Bunkr is a command line tool for secure storage and dynamic access management of sensitive or private data. Bunkr users store their private data across a decentralized network of remote machines using state of the art cryptographic techniques (Shamir Secret Sharing, Secure Multi Party Computation) that make sure the data is maximally resistant to either theft or loss. Data stored in Bunkr is accessible only to the exact devices specified by the user(s), and permissions can be granted and revoked dynamically.
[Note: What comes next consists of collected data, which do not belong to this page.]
Lemma continuous_on_Rplus_bounded (f : R -> R) (T : R) :
  0 <= T -> continuous_on_Rplus f -> exists M, forall s, 0 <= s <= T -> f s <= M.
Proof.
  intros HT Hc.
  destruct (continuity_ab_maj (clamp0 f) 0 T HT) as [m [Hm _]].
  - intros c _. apply continuity_pt_filterlim, Hc.
  - exists (clamp0 f m). intros s Hs. rewrite <- (clamp0_nonneg f s) by lra. now apply Hm.
Qed.

Lemma Rplus_deriv_nonneg_le (f df : R -> R) (t : R) :
  0 <= t -> continuous_on_Rplus f ->
  (forall s, 0 < s -> is_derive f s (df s)) ->
  (forall s, 0 <= s <= t -> 0 <= df s) ->
  f 0 <= f t.
Proof.
  intros [Ht | <-] Hc Hd Hpos; [| lra].
  destruct (MVT_gen (clamp0 f) 0 t df) as [c [Hct Hmvt]].
  - intros x Hx. rewrite Rmin_left, Rmax_right in Hx by lra.
    apply (is_derive_ext_loc f); [| apply Hd; lra].
    exists (mkposreal _ (proj1 Hx)). intros y Hy. apply ball_R_bounds in Hy. simpl in Hy.
    symmetry. apply clamp0_nonneg. lra.
  - intros x _. apply continuity_pt_filterlim, Hc.
  - rewrite Rmin_left, Rmax_right in Hct by lra.
    rewrite !clamp0_nonneg in Hmvt by lra.
    specialize (Hpos c Hct). nra.
Qed.

Lemma gronwall_zero (E dE : R -> R) (K t : R) :
  0 <= t -> continuous_on_Rplus E ->
  (forall s, 0 < s -> is_derive E s (dE s)) ->
  (forall s, 0 <= s <= t -> dE s <= K * E s) ->
  E 0 = 0 -> E t <= 0.
Proof.
  intros Ht Hc Hd Hle H0.
  set (w := fun u => exp (- K * u)).
  assert (Hw : forall u, is_derive w u (- K * w u)).
  { intro u. unfold w. auto_derive; [easy | ring]. }
  assert (Hmono := Rplus_deriv_nonneg_le (fun u => - (E u * w u))
                     (fun u => (K * E u - dE u) * w u) t Ht).
  cbv beta in Hmono. rewrite H0, Rmult_0_l, Ropp_0 in Hmono.
  assert (Hwt : 0 < w t) by apply exp_pos.
  enough (0 <= - (E t * w t)) by nra.
  apply Hmono.
  - intro x. apply (continuous_opp (fun u => clamp0 E u * clamp0 w u)).
    apply (continuous_on_Rplus_mult E w Hc).
    apply continuous_on_Rplus_of_continuous. intro u. exact (is_derive_continuous _ _ _ (Hw u)).
  - intros s Hs. replace ((K * E s - dE s) * w s) with (- (dE s * w s + E s * (- K * w s))) by ring.
    apply (is_derive_opp (fun u => E u * w u)).
    apply (is_derive_mult E w); [auto | apply Hw | exact Rmult_comm].
  - intros s Hs. specialize (Hle s Hs). assert (0 < w s) by apply exp_pos. nra.
Qed.

Lemma is_derive_pos_lt_left (f : R -> R) (c l : R) :
  is_derive f c l -> 0 < l -> forall e, 0 < e -> exists s, c - e < s < c /\ f s < f c.
Proof.
  intros Hd Hl e He. apply is_derive_Reals in Hd.
  destruct (Hd l Hl) as [[d Hd0] Hdd]. simpl in Hdd.
  set (h := - Rmin (d / 2) (e / 2)).
  assert (Hh1 : - h <= d / 2) by (unfold h; rewrite Ropp_involutive; apply Rmin_l).
  assert (Hh2 : - h <= e / 2) by (unfold h; rewrite Ropp_involutive; apply Rmin_r).
  assert (Hh : h < 0) by (unfold h; assert (0 < Rmin (d / 2) (e / 2)) by (apply Rmin_pos; lra); lra).
  assert (Hq := Hdd h ltac:(lra) ltac:(rewrite Rabs_left; lra)).
  apply Rabs_def2 in Hq.
  exists (c + h). split; [lra |].
  destruct (Rlt_le_dec (f (c + h)) (f c)) as [| Hge]; [easy |].
  assert ((f (c + h) - f c) / h <= 0).
  { unfold Rdiv. apply Rmult_le_0_l; [lra |]. left. now apply Rinv_lt_0_compat. }
  lra.
Qed.

Lemma Rplus_lower_barrier (f df : R -> R) (m : R) :
  continuous_on_Rplus f ->
  (forall s, 0 < s -> is_derive f s (df s)) ->
  m <= f 0 ->
  (forall s, 0 < s -> f s < m -> 0 < df s) ->
  forall t, 0 <= t -> m <= f t.
Proof.
  intros Hc Hd H0 Hup t Ht.
  destruct (Rle_lt_dec m (f t)) as [| Hlt]; [easy | exfalso].
  destruct (continuity_ab_min (clamp0 f) 0 t Ht) as [c [Hmin Hct]].
  { intros x _. apply continuity_pt_filterlim, Hc. }
  assert (Hmin' : forall s, 0 <= s <= t -> f c <= f s).
  { intros s Hs. rewrite <- (clamp0_nonneg f c), <- (clamp0_nonneg f s) by lra. auto. }
  assert (Hft := Hmin' t ltac:(lra)).
  assert (Hc0 : 0 < c).
  { destruct (proj1 Hct) as [| <-]; [easy |]. lra. }
  destruct (is_derive_pos_lt_left f c _ (Hd c Hc0) (Hup c Hc0 ltac:(lra)) c Hc0) as [s [Hs Hfs]].
  specialize (Hmin' s ltac:(lra)). lra.
Qed.

Fixpoint sum_lt (n : nat) (f : nat -> R) : R :=
  match n with O => 0 | S m => sum_lt m f + f m end.

Lemma sum_lt_S (n : nat) (f : nat -> R) : sum_lt (S n) f = sum_lt n f + f n.
Proof. reflexivity. Qed.

Lemma sum_lt_ext (n : nat) (f g : nat -> R) :
  (forall k, (k < n)%nat -> f k = g k) -> sum_lt n f = sum_lt n g.
Proof.
  induction n as [| n IH]; intro H; simpl; [easy |].
  rewrite IH, H by (auto; lia). reflexivity.
Qed.

Lemma sum_lt_le (n : nat) (f g : nat -> R) :
  (forall k, (k < n)%nat -> f k <= g k) -> sum_lt n f <= sum_lt n g.
Proof.
  induction n as [| n IH]; intro H; simpl; [lra |].
  assert (f n <= g n) by (apply H; lia).
  assert (sum_lt n f <= sum_lt n g) by (apply IH; intros; apply H; lia). lra.
Qed.

Lemma sum_lt_nonneg (n : nat) (f : nat -> R) :
  (forall k, (k < n)%nat -> 0 <= f k) -> 0 <= sum_lt n f.
Proof.
  intro H. replace 0 with (sum_lt n (fun _ => 0)).
  - now apply sum_lt_le.
  - induction n; simpl; [easy | rewrite IHn; [ring | intros; apply H; lia]].
Qed.
Lemma Pop_linear c M N f g s :
  bounded_measurable M f -> bounded_measurable N g ->
  Pop P p (fun x => c * f x + g x) s = c * Pop P p f s + Pop P p g s.
Proof.
move=> bf bg; have ps1 : p s setT = 1%E by apply: prob_kernel.
have P1 a : P (s, a) setT = 1%E by apply: prob_kernel.
have bfs := bounded_measurable_next_mean s bf.
have bgs := bounded_measurable_next_mean s bg.
rewrite /Pop -(RintegralZl_bounded ps1 c bfs).
rewrite -(RintegralD_bounded ps1 (bounded_measurableZ c bfs) bgs).
apply: eq_Rintegral => a _.
by rewrite (RintegralD_bounded (P1 a) (bounded_measurableZ c bf) bg)
  (RintegralZl_bounded (P1 a) c bf).
Qed.

Lemma Pop_cst c s : Pop P p (fun _ => c) s = c.
Proof.
have P1 a : P (s, a) setT = 1%E by apply: prob_kernel.
rewrite /Pop; under eq_Rintegral do rewrite Rintegral_cst1 //.
by apply: Rintegral_cst1; apply: prob_kernel.
Qed.

Lemma le_Pop M N f g s :
  bounded_measurable M f -> bounded_measurable N g -> (forall x, f x <= g x) ->
  Pop P p f s <= Pop P p g s.
Proof.
move=> bf bg fg; have ps1 : p s setT = 1%E by apply: prob_kernel.
apply: (le_Rintegral_bounded ps1 (bounded_measurable_next_mean s bf)
  (bounded_measurable_next_mean s bg)) => a.
by apply: (le_Rintegral_bounded _ bf bg fg); apply: prob_kernel.
Qed.

Lemma PopDr M c f s : bounded_measurable M f ->
  Pop P p (fun x => f x + c) s = Pop P p f s + c.
Proof.
move=> bf; have := Pop_linear 1 s bf (bounded_measurable_cst c).
by rewrite mul1r Pop_cst; under eq_fun do rewrite mul1r.
Qed.

Lemma Pop_le_cst M c f s : bounded_measurable M f -> (forall x, f x <= c) ->
  Pop P p f s <= c.
Proof.
by move=> bf fc; rewrite -[leRHS](Pop_cst c s); exact: le_Pop bf (bounded_measurable_cst c) fc.
Qed.

Lemma Pop_ge_cst M c f s : bounded_measurable M f -> (forall x, c <= f x) ->
  c <= Pop P p f s.
Proof.
by move=> bf cf; rewrite -[leLHS](Pop_cst c s); exact: le_Pop (bounded_measurable_cst c) bf cf.
Qed.

Lemma normr_Pop_sub_le M N e f g s :
  bounded_measurable M f -> bounded_measurable N g -> (forall x, `|f x - g x| <= e) ->
  `|Pop P p f s - Pop P p g s| <= e.
Proof.
move=> bf bg fg; have bgf := bounded_measurableD (bounded_measurableZ (-1) bg) bf.
have -> : Pop P p f s - Pop P p g s = Pop P p (fun x => -1 * g x + f x) s.
  by rewrite (Pop_linear _ _ bg bf) addrC mulN1r.
rewrite ler_norml; apply/andP; split.
- by apply: Pop_ge_cst bgf _ => x; have := fg x; rewrite ler_norml; lra.
- by apply: Pop_le_cst bgf _ => x; have := fg x; rewrite ler_norml; lra.
Qed.

Lemma bounded_measurable_iter_Pop M f t :
  bounded_measurable M f -> bounded_measurable M (iter t (Pop P p) f).
Proof. by move=> bf; elim: t => //= t; apply: bounded_measurable_Pop. Qed.

Lemma ge0_Pop_superharmonic be B w : 0 <= be -> be < 1 -> bounded_measurable B w ->
  (forall s, be * Pop P p w s <= w s) -> forall s, 0 <= w s.
Proof.
move=> be0 be1 bw w_super s; have [_ w_le] := bw.
have w_ge n x : - (B * be ^+ n) <= w x.
  elim: n x => [|n IH] x; first by have := w_le x; rewrite expr0 mulr1 ler_norml => /andP[].
  apply: le_trans (w_super x); rewrite exprS mulrCA -mulrN ler_wpM2l //.
  exact: Pop_ge_cst bw IH.
by apply: (le_geometric_slack be0 be1 (K := B)) => n; rewrite -lerBlDr sub0r w_ge.
Qed.

End transition_operator.

Section value.
Context {R : realType} {dS dA : measure_display}
  {S : measurableType dS} {A : measurableType dA}.
Variables (P : R.-pker (S * A)%type ~> S) (p : R.-pker S ~> A).
Variables (be : R) (rr : S -> A -> R) (M : R).
Hypotheses (be0 : 0 <= be) (be1 : be < 1).
Hypothesis brr : bounded_measurable M (fun z => rr z.1 z.2).

Let u t := iter t (Pop P p) (polavg p rr).
Let V := value be P rr p.
Let Vn n s := \sum_(0 <= t < n) be ^+ t * u t s.

Let bounded_measurable_u t : bounded_measurable M (u t).
Proof. by apply/bounded_measurable_iter_Pop/bounded_measurable_polavg. Qed.

Let term_le s t : `|be ^+ t * u t s| <= M * be ^+ t.
Proof.
rewrite normrM ger0_norm ?exprn_ge0 // mulrC ler_wpM2r ?exprn_ge0 //.
by case: (bounded_measurable_u t).
Qed.

Let value_sub_partial n s : `|V s - Vn n s| <= M * be ^+ n / (1 - be).
Proof. exact: (series_geometric_bounded_lim be0 be1 (term_le s)). Qed.

Let bounded_measurable_partial n : bounded_measurable (M / (1 - be)) (Vn n).
Proof.
split=> [|s].
  apply: measurable_sum => t; apply: measurable_funM; first exact: measurable_cst.
  by case: (bounded_measurable_u t).
have be1' : 0 < 1 - be by rewrite subr_gt0.
apply: le_trans (ler_norm_sum _ _ _) _.
apply: le_trans (ler_sum _ (fun t _ => term_le s t)) _.
rewrite -mulr_sumr ler_pdivlMr // -mulrA [_ * (1 - be)]mulrC.
have := geometric_sum_nat_le be0 0 n; rewrite expr0 => sum_le.
rewrite -[leRHS]mulr1 ler_wpM2l //.
exact: bounded_measurable_ge0 brr.
Qed.

Lemma bounded_measurable_value : bounded_measurable (M / (1 - be)) V.
Proof.
split=> [|s]; last by have := value_sub_partial 0 s; rewrite /Vn big_geq // subr0 expr0 mulr1.
apply: (measurable_fun_cvg (h := Vn)) => [n|s _].
  by case: (bounded_measurable_partial n).
exact: (is_cvg_series_geometric_bounded be0 be1 (term_le s)).
Qed.

Let Pop_partial n s : Pop P p (Vn n) s = \sum_(0 <= t < n) be ^+ t * u t.+1 s.
Proof.
elim: n => [|n IH].
  by rewrite (_ : Vn 0 = fun=> 0) ?Pop_cst ?big_geq //; apply/funext => x; rewrite /Vn big_geq.
have -> : Vn n.+1 = fun s => be ^+ n * u n s + Vn n s.
  by apply/funext => x; rewrite /Vn big_nat_recr //= addrC.
rewrite (Pop_linear _ _ _ _ (bounded_measurable_u n) (bounded_measurable_partial n)) IH.
by rewrite big_nat_recr //= addrC.
Qed.

Let partialS n s : Vn n.+1 s = polavg p rr s + be * Pop P p (Vn n) s.
Proof.
rewrite Pop_partial /Vn big_nat_recl //= expr0 mul1r mulr_sumr.
by congr (_ + _); apply: eq_bigr => t _; rewrite exprS mulrA.
Qed.

(* Truncating after [n + 1] terms costs [M be^(n+1) / (1 - be)] on each side of the
   fixed-point equation, uniformly in [s]. *)
Lemma value_Bellman s : V s = polavg p rr s + be * Pop P p V s.
Proof.
have be1' : 0 < 1 - be by rewrite subr_gt0.
apply: (eq_geometric_slack be0 be1 (K := 2 * (M / (1 - be)))) => n.
have Pop_sub : `|Pop P p (Vn n) s - Pop P p V s| <= M * be ^+ n / (1 - be).
  apply: normr_Pop_sub_le (bounded_measurable_partial n) bounded_measurable_value _.
  by move=> x; rewrite distrC value_sub_partial.
have -> : V s - (polavg p rr s + be * Pop P p V s) =
    (V s - Vn n.+1 s) + be * (Pop P p (Vn n) s - Pop P p V s).
  by rewrite partialS; ring.
apply: le_trans (ler_normD _ _) _; rewrite normrM ger0_norm //.
have M0 := bounded_measurable_ge0 brr.
have X0 : 0 <= M / (1 - be) * be ^+ n by rewrite mulr_ge0 ?divr_ge0 ?exprn_ge0 // ltW.
have beX := ler_piMl X0 (ltW be1).
have := value_sub_partial n.+1 s; have := ler_wpM2l be0 Pop_sub.
have -> : M * be ^+ n.+1 / (1 - be) = be * (M / (1 - be) * be ^+ n) by rewrite exprS; ring.
have -> : M * be ^+ n / (1 - be) = M / (1 - be) * be ^+ n by ring.
lra.
Qed.

End value.

Lemma at_dist_le_cst {R : realType} d (T : measurableType d) (d0 : probability T R)
    M c (f : T -> R) :
  bounded_measurable M f -> (forall x, f x <= c) -> at_dist d0 f <= c.
Proof. by apply: Rintegral_le_cst; exact: probability_setT. Qed.

Section occupancy.
Context {R : realType} {dS dA : measure_display}
  {S : measurableType dS} {A : measurableType dA}.
Variables (P : R.-pker (S * A)%type ~> S) (pi : R.-pker S ~> A).
Variables (g : R) (d0 : probability S R) (G : S -> A -> R) (B C : R).
Hypotheses (g0 : 0 <= g) (g1 : g < 1).
Hypothesis bG : bounded_measurable B (fun z => G z.1 z.2).
Hypothesis G_le : forall s a, G s a <= C.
Even the remote machines that collectively store and serve data to Bunkr users have no way of individually knowing the underlying data they process. Passwords, API Keys, Cryptographic Keys and more can all be handled with previously inconceivable security and convenience thanks to Bunkr.
This repository is a pre-release beta version of Bunkr. We highly recommend keeping back ups of any important data you store on the beta platform. This is the first open public testing of our cli and the majority of the code is not yet open source. We are providing free and unlimited use of our state of the art distributed secrets management platform, but the binary is offered as is, with no guarantees.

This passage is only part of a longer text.